* _Listed entries_

(* Let $\mathcal{D}$ be a $2$-$(|\mathcal{P}|,r+1,\lambda)$ design with point set $\mathcal{P}$, where $r>1$, admitting a group $G$ of automorphisms that is 2-transitive on points and transitive on blocks. Then there is at most one feasible $G$-orbit on the set of flags of $\mathcal{D}$.
   Context: Designs have no repeated blocks; blocks are identified with their point sets. A flag is a pair $(\sigma,L)$ with $\sigma$ a point and $L$ a block containing $\sigma$. For a $G$-orbit $\Omega$ on flags and a point $\sigma$, $\Omega(\sigma)$ is the set of flags of $\Omega$ with point-entry $\sigma$. $\Omega$ is feasible if $|\Omega(\sigma)|\ge 2$ for some (hence all) point $\sigma$, and for some (hence all) flag $(\sigma,L)\in\Omega$ the setwise stabilizer $G_{\sigma,L}$ of $L$ in $G_\sigma$ is transitive on $L\setminus\{\sigma\}$. *)

From mathcomp Require Import all_boot all_fingroup.
Set Implicit Arguments. Unset Strict Implicit. Unset Printing Implicit Defensive.
Local Open Scope group_scope.

Section Designs.
Variable T : finType.

Definition blockimg (g : {perm T}) (L : {set T}) : {set T} := [set g x | x in L].

(* B is a 2-(|T|, k, lam) design on point set T (blocks identified with their
   point sets, so no repeated blocks). *)
Definition is_2design (B : {set {set T}}) (k lam : nat) : Prop :=
  (0 < lam)%N /\
  (forall L, L \in B -> #|L| = k) /\
  (forall x y : T, x != y -> #|[set L in B | (x \in L) && (y \in L)]| = lam).

Definition is_aut_group (B : {set {set T}}) (G : {group {perm T}}) : Prop :=
  forall g L, g \in G -> L \in B -> blockimg g L \in B.

Definition two_transitive (G : {group {perm T}}) : Prop :=
  forall x y x' y' : T, x != y -> x' != y' ->
    exists2 g, g \in G & g x = x' /\ g y = y'.

Definition block_transitive (B : {set {set T}}) (G : {group {perm T}}) : Prop :=
  forall L L', L \in B -> L' \in B -> exists2 g, g \in G & blockimg g L = L'.

Definition flags (B : {set {set T}}) : {set T * {set T}} :=
  [set f | (f.2 \in B) && (f.1 \in f.2)].

Definition flagact (g : {perm T}) (f : T * {set T}) : T * {set T} :=
  (g f.1, blockimg g f.2).

Definition flag_orbit (G : {group {perm T}}) (f : T * {set T}) : {set T * {set T}} :=
  [set flagact g f | g in G].

Definition orbit_at (Om : {set T * {set T}}) (s : T) : {set T * {set T}} :=
  [set f in Om | f.1 == s].

Definition flag_stab (G : {group {perm T}}) (s : T) (L : {set T}) : {set {perm T}} :=
  [set g in G | (g s == s) && (blockimg g L == L)].

Definition feasible (G : {group {perm T}}) (Om : {set T * {set T}}) : Prop :=
  (exists s : T, (2 <= #|orbit_at Om s|)%N) /\
  (exists2 f, f \in Om &
     forall x y, x \in f.2 :\ f.1 -> y \in f.2 :\ f.1 ->
       exists2 g, g \in flag_stab G f.1 f.2 & g x = y).

End Designs.

From mathcomp Require Import all_boot all_fingroup zify.
Set Implicit Arguments. Unset Strict Implicit. Unset Printing Implicit Defensive.
Local Open Scope group_scope.

(* As G is transitive on blocks, two feasible flag orbits contain flags
   (a, L) and (b, L) on a common block L with G_{a,L} transitive on L \ {a}
   and G_{b,L} transitive on L \ {b}.  If a <> b, pick a third point c on L
   (|L| = r + 1 >= 3): some h1 in G_{a,L} maps b to c and some h2 in G_{b,L}
   maps c to a, so h1 h2 maps (b, L) to (a, L).  Neither 2-transitivity nor
   the index lambda of the design is needed. *)

Section FlagAction.
Variable T : finType.
Implicit Types (g h : {perm T}) (L : {set T}) (f : T * {set T}).

Lemma blockimgM g h L : blockimg (g * h) L = blockimg h (blockimg g L).
Proof. by rewrite /blockimg -imset_comp; apply: eq_imset => x /=; rewrite permM. Qed.

Lemma blockimg1 L : blockimg 1 L = L.
Proof. by rewrite /blockimg (eq_imset _ (@perm1 T)) imset_id. Qed.

Lemma blockimgK g L : blockimg g^-1 (blockimg g L) = L.
Proof. by rewrite -blockimgM mulgV blockimg1. Qed.

Lemma mem_blockimg g L x : (g x \in blockimg g L) = (x \in L).
Proof. exact/mem_imset/perm_inj. Qed.

Lemma flagactM g h f : flagact (g * h) f = flagact h (flagact g f).
Proof. by rewrite /flagact /= permM blockimgM. Qed.

Lemma flags_flagact (B : {set {set T}}) (G : {group {perm T}}) g f :
  is_aut_group B G -> g \in G -> f \in flags B -> flagact g f \in flags B.
Proof.
move=> autB gG; rewrite !inE /= => /andP[LB aL].
by rewrite mem_blockimg aL andbT; apply: autB.
Qed.

Variable G : {group {perm T}}.

Lemma flag_orbit_flags (B : {set {set T}}) f : is_aut_group B G ->
  f \in flags B -> flag_orbit G f \subset flags B.
Proof.
move=> autB fB; apply/subsetP => _ /imsetP[g gG ->].
exact: flags_flagact autB gG fB.
Qed.

Lemma flag_orbit_act g f : g \in G -> flag_orbit G (flagact g f) = flag_orbit G f.
Proof.
move=> gG; apply/setP => f'; apply/imsetP/imsetP => [[h hG ->]|[h hG ->]].
  by exists (g * h); rewrite ?groupM // flagactM.
exists (g^-1 * h); first by rewrite groupM ?groupV.
by rewrite -flagactM mulgA mulgV mul1g.
Qed.

Lemma flag_orbit_eq f f' : f' \in flag_orbit G f -> flag_orbit G f' = flag_orbit G f.
Proof. by case/imsetP => g gG ->; rewrite flag_orbit_act. Qed.

Definition flag_stab_transitive a L : Prop :=
  forall x y, x \in L :\ a -> y \in L :\ a ->
    exists2 g, g \in flag_stab G a L & g x = y.

Lemma flag_stab_transitiveJ h a L : h \in G ->
  flag_stab_transitive a L -> flag_stab_transitive (h a) (blockimg h L).
Proof.
move=> hG trL x' y' /setD1P[xa /imsetP[x xL ex]] /setD1P[ya /imsetP[y yL ey]].
subst; rewrite !(inj_eq perm_inj) in xa ya.
have [g] := trL x y (introT setD1P (conj xa xL)) (introT setD1P (conj ya yL)).
rewrite inE => /and3P[gG /eqP ga /eqP gL] gxy.
exists (h^-1 * g * h); last by rewrite !permM permK gxy.
by rewrite inE !groupM ?groupV //= !permM permK ga !blockimgM blockimgK gL !eqxx.
Qed.

Lemma third_point L a b : 2 < #|L| -> exists2 c, c \in L & (c != a) && (c != b).
Proof.
move=> L_gt2; have /card_gt0P[c] : 0 < #|L :\ a :\ b|.
  by move: L_gt2; rewrite (cardsD1 a L) (cardsD1 b (L :\ a)); lia.
by rewrite !inE => /and3P[cb ca cL]; exists c; rewrite ?ca.
Qed.

Lemma flag_orbit_same_block a b L : 2 < #|L| -> a \in L -> b \in L ->
  flag_stab_transitive a L -> flag_stab_transitive b L ->
  flag_orbit G (a, L) = flag_orbit G (b, L).
Proof.
move=> L_gt2 aL bL trA trB; have [-> //|ba] := eqVneq b a.
have ab : a != b by rewrite eq_sym.
have [c cL /andP[ca cb]] := third_point a b L_gt2.
have [h1 /setIdP[h1G /andP[_ /eqP h1L]] h1b] :=
  trA b c (introT setD1P (conj ba bL)) (introT setD1P (conj ca cL)).
have [h2 /setIdP[h2G /andP[_ /eqP h2L]] h2c] :=
  trB c a (introT setD1P (conj cb cL)) (introT setD1P (conj ab aL)).
rewrite -(flag_orbit_act (b, L) (groupM h1G h2G)).
by rewrite /flagact /= permM h1b h2c blockimgM h1L h2L.
Qed.
End FlagAction.

Theorem lemma3p1 (T : finType) (B : {set {set T}}) (r lam : nat)
  (G : {group {perm T}}) :
  (1 < r)%N ->
  is_2design B r.+1 lam ->
  is_aut_group B G ->
  two_transitive G ->
  block_transitive B G ->
  forall f1 f2, f1 \in flags B -> f2 \in flags B ->
    feasible G (flag_orbit G f1) -> feasible G (flag_orbit G f2) ->
    flag_orbit G f1 = flag_orbit G f2.
Proof.
move=> r_gt1 [_ [cardB _]] autB _ transB f1 f2 f1B f2B.
move=> [_ [[a L] aLf1 trA]] [_ [[b M] bMf2 trB]].
have := subsetP (flag_orbit_flags autB f1B) _ aLf1; rewrite inE => /andP[/= LB aL].
have := subsetP (flag_orbit_flags autB f2B) _ bMf2; rewrite inE => /andP[/= MB bM].
rewrite -(flag_orbit_eq aLf1) -(flag_orbit_eq bMf2).
have [g gG gML] := transB M L MB LB.
rewrite -(flag_orbit_act (b, M) gG) /flagact /= gML.
apply: flag_orbit_same_block => //; first by rewrite cardB.
  by rewrite -gML mem_blockimg.
by rewrite -gML; apply: flag_stab_transitiveJ.
Qed.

* _Task prompt_
The lines above from the one containing "maps c to a, so" through the one containing "Implicit Types (g" are to be set down exactly, and no others.

* _Response for this exercise_
   maps c to a, so h1 h2 maps (b, L) to (a, L).  Neither 2-transitivity nor
   the index lambda of the design is needed. *)

Section FlagAction.
Variable T : finType.
Implicit Types (g h : {perm T}) (L : {set T}) (f : T * {set T}).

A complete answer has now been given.